Spoiler: im gonna kms



genuinely i have been so broken up over kaede's death. like oh my god?? she DIDN'T DESERVE THIS???? i honestly love her so much and i really am so upset about it. i dont know why they had to do that to her, honestly that was such a big plot twist but such an UPSETTING PLOT TWIST


----------



## Capella (Jan 12, 2017)

Hopeless Opus said:


> Spoiler: im gonna kms
> 
> 
> 
> genuinely i have been so broken up over kaede's death. like oh my god?? she DIDN'T DESERVE THIS???? i honestly love her so much and i really am so upset about it. i dont know why they had to do that to her, honestly that was such a big plot twist but such an UPSETTING PLOT TWIST





Spoiler



it wasnt even a good plot twist though ?? like yeah kill off the first female protaginist to be replaced by.. a naegi clone. idk she was just so interesting and had a lot of potential but they just kill her off and her death was so brutal god she didnt deserve that


----------



## Kurashiki (Jan 12, 2017)

MMMMM DANGANRONPA, ch. 1 spoilers



Spoiler



i was really excited for kaede!! that official art of her and maki also was so nice ?? im so disappointed w how they handled it, i haven't watched her execution but ??? it's just really disappointing that they killed her off and replaced her with saiihara. tbh i just looked up the rest of the spoilers afterwards bc i wasn't very excited for it anymore, i'll still play the game when it comes out in english though.

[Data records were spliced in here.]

(* Let $\{\mu_\theta\}_{\theta\in\Theta}$ be a family of Gibbs measures satisfying the uniform Gibbs property with constant $N$ and constants $\mathcal{P}_\theta$, for potentials $\phi_\theta$, and let $L$ satisfy the Loss Assumption. Then for every $\epsilon>0$ there exists $T>0$ such that for all $\theta,\theta'\in\Theta$, $y\in\mathcal{Y}$ and integers $t\ge1$, $$\frac{\int_{\mathcal{X}}\exp(-L^t_\theta(x,y))\,d\mu_\theta(x)}{\int_{\mathcal{X}}\exp(-L^t_{\theta'}(x',y))\,d\mu_{\theta'}(x')}\le N^2\exp\Big(t\big(\omega(d_\Theta(\theta,\theta'))+\epsilon\big)+(t+T)\big(|\mathcal{P}_\theta-\mathcal{P}_{\theta'}|+\|\phi_\theta-\phi_{\theta'}\|\big)\Big),$$ where $\|\cdot\|$ is the sup norm.
   Context: Discrete time $\mathbb{T}=\mathbb{N}$. $\mathcal{S}$ is a finite alphabet, $\mathcal{X}=\mathcal{S}^{\mathbb{N}}$ with the product topology and metric $d_{\mathcal{X}}(x,x')=2^{-n(x,x')}$, $n(x,x')=\inf\{m:x_m\ne x'_m\}$; $(\Phi x)_s=x_{s+1}$; $\mathcal{F}_r=\sigma(x_0,\dots,x_r)$. $\mathcal{Y}$ is Polish with a measurable map $\Psi$ (iterates $\Psi^t$). $\Theta$ is a compact metric space with metric $d_\Theta$. $\phi^t=\sum_{s=0}^{t-1}\phi\circ\Phi^s$. Uniform Gibbs property: each $\mu_\theta$ is a $\Phi$-invariant Borel probability on $\mathcal{X}$, $\phi_\theta:\mathcal{X}\to\mathbb{R}$ is Hölder continuous, and there are $N>0$ and $\mathcal{P}_\theta\in\mathbb{R}$ with $N^{-1}\le\mu_\theta(\{\bar x:\bar x_i=x_i,0\le i\le t-1\})/\exp(-\mathcal{P}_\theta t+\phi_\theta^t(x))\le N$ for all $\theta$, $x$, $t\ge1$. Loss Assumption: $L:\Theta\times\mathcal{X}\times\mathcal{Y}\to\mathbb{R}$ with (1) for each $\theta$, $L_\theta$ is bounded continuous on $\mathcal{X}\times\mathcal{Y}$ and depends on $x$ only through $(x_0,\dots,x_r)$ for some $r$; (2) $|L_\theta(x,y)-L_{\theta'}(x',y)|\le\omega(d_\Theta(\theta,\theta'))+\omega(d_{\mathcal{X}}(x,x'))$ for some $\omega:[0,\infty)\to[0,\infty)$ with $\omega(0)=\lim_{r\to0^+}\omega(r)=0$. $L^t_\theta(x,y)=\sum_{s=0}^{t-1}L_\theta(\Phi^sx,\Psi^sy)$. *)

From Stdlib Require List.
From HB Require Import structures.
From mathcomp Require Import all_boot all_order all_algebra.
From mathcomp Require Import all_classical all_reals all_analysis.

 idk i'm hoping some of the other characters will grow on me ??  im interested in maki, angie, rantarou and saihara but i dont have very high expectations, especially since dr3 was kind of awful imo


----------



## Capella (Jan 14, 2017)

Kurashiki said:


> MMMMM DANGANRONPA, ch. 1 spoilers
> 
> 
> 
> ...





Spoiler: spoiler



exactly how i feel lol, makis awesome though trust me  like i get it they mislead us into thinking kaede and rantarou would be important but cmon it would have been a bigger twist with saihara instead of kaede


----------